Lemma sum_powerset_mem (R : nmodType) (E : finType) (T : {set E}) t (F : {set E} -> R) :
  t \in T ->
  \sum_(S in powerset T | t \in S) F S = \sum_(S in powerset (T :\ t)) F (t |: S).
Proof.
move=> tT; rewrite (reindex_onto (fun S => t |: S) (fun S => S :\ t)); last first.
  by move=> S /andP[_]; apply: setD1K.
apply: eq_bigl => S; rewrite setU11 andbT -powerset_D1.
have [tS|tS] := boolP (t \in S); rewrite ?andbF ?andbT.
  by apply/negbTE/negP => /andP[_ /eqP eS]; move: tS; rewrite -eS setD11.
by rewrite setU1K // eqxx andbT !powersetE subUset sub1set tT.
Qed.

Lemma sum_powerset_binomial (R : comPzSemiRingType) (E : finType) (T : {set E}) (a b : R) :
  \sum_(S in powerset T) a ^+ #|S| * b ^+ (#|T| - #|S|) = (a + b) ^+ #|T|.
Proof.
have [n] := ubnP #|T|; elim: n T => // n IHn T.
have [->|[t tT]] := set_0Vmem T.
  by rewrite powerset0 big_set1 cards0 !expr0 mulr1.
have cardT : #|T| = #|T :\ t|.+1 by rewrite (cardsD1 t T) tT.
rewrite cardT ltnS => ltTn.
rewrite (bigID (fun S : {set E} => t \in S)) /= sum_powerset_mem //.
rewrite (eq_bigl (fun S : {set E} => S \in powerset (T :\ t))); last first.
  by move=> S; apply: powerset_D1.
rewrite exprS -(IHn _ ltTn) mulrDl !big_distrr /=; congr (_ + _).
  apply: eq_bigr => S; rewrite powersetE => sSTt.
  have tS : t \notin S by apply/negP => /(subsetP sSTt); rewrite setD11.
  by rewrite cardsU1 tS add1n exprS -mulrA subSS.
apply: eq_bigr => S; rewrite powersetE => /subset_leq_card leS.
by rewrite subSn // exprS mulrCA.
Qed.

Lemma sum_powerset_pairs (R : nmodType) (E : finType) (T : {set E})
    (f : {set E} -> E -> R) :
  \sum_(S in powerset T) \sum_(t in S) f S t =
  \sum_(S in powerset T) \sum_(t in T :\: S) f (t |: S) t.
Proof.
rewrite (exchange_big_dep (fun t => t \in T)) => [|S t]; last first.
  by rewrite powersetE => /subsetP/(_ t).
rewrite [RHS](exchange_big_dep (fun t => t \in T)) => [|S t _]; last first.
  by rewrite in_setD => /andP[].
apply: eq_bigr => t tT; rewrite sum_powerset_mem //.
by apply: eq_bigl => S; rewrite in_setD tT andbT powerset_D1.
Qed.

Lemma natr_card_setIdE (R : pzSemiRingType) (E : finType) (A : {set E}) (P : pred E) :
  (#|[set x in A | P x]|)%:R = \sum_(x in A) (P x)%:R :> R.
Proof.
rewrite -sum1_card natr_sum big_mkcond [RHS]big_mkcond /=.
by apply: eq_bigr => x _; rewrite inE; case: (x \in A); case: (P x).
Qed.

Section SubsetWeights.
Variables (E : finType) (T : {set E}).
Implicit Types S : {set E}.

(* With [S] distributed as in the theorem, a pair [(S, t)] with [t \in S]
   has the same probability as [(S :\ t, t)] up to the factor (1 - p) / p. *)
Lemma weighted_count_shift (R : comPzRingType) (p : R) (c : {set E} -> E -> bool) :
  p * \sum_(S in powerset T) (1 - p) ^+ #|S| * p ^+ (#|T| - #|S|) *
        (#|[set t in S | c S t]|)%:R
  = (1 - p) * \sum_(S in powerset T) (1 - p) ^+ #|S| * p ^+ (#|T| - #|S|) *
        (#|[set t in T :\: S | c (t |: S) t]|)%:R.
Proof.
rewrite !big_distrr /=.
under eq_bigr => S _ do rewrite natr_card_setIdE !big_distrr /=.
rewrite sum_powerset_pairs; apply: eq_bigr => S; rewrite powersetE => sST.
rewrite natr_card_setIdE !big_distrr /=; apply: eq_bigr => t.
rewrite in_setD => /andP[tS tT].
have ltST : (#|S| < #|T|)%N.
  by rewrite proper_card // properEneq sST andbT; apply: contraNneq tS => ->.
rewrite cardsU1 tS add1n exprS subnS -(prednK (n := (#|T| - #|S|)%N)) ?subn_gt0 //.
by rewrite exprS /=; ring.
Qed.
——
▶ **Activity**: Leave out every line before the one containing "under eq_bigr =>". Transcribe that line and all lines after it through the end of the data above, exactly.

▶ **Result of this exercise**:
under eq_bigr => S _ do rewrite natr_card_setIdE !big_distrr /=.
rewrite sum_powerset_pairs; apply: eq_bigr => S; rewrite powersetE => sST.
rewrite natr_card_setIdE !big_distrr /=; apply: eq_bigr => t.
rewrite in_setD => /andP[tS tT].
have ltST : (#|S| < #|T|)%N.
  by rewrite proper_card // properEneq sST andbT; apply: contraNneq tS => ->.
rewrite cardsU1 tS add1n exprS subnS -(prednK (n := (#|T| - #|S|)%N)) ?subn_gt0 //.
by rewrite exprS /=; ring.
Qed.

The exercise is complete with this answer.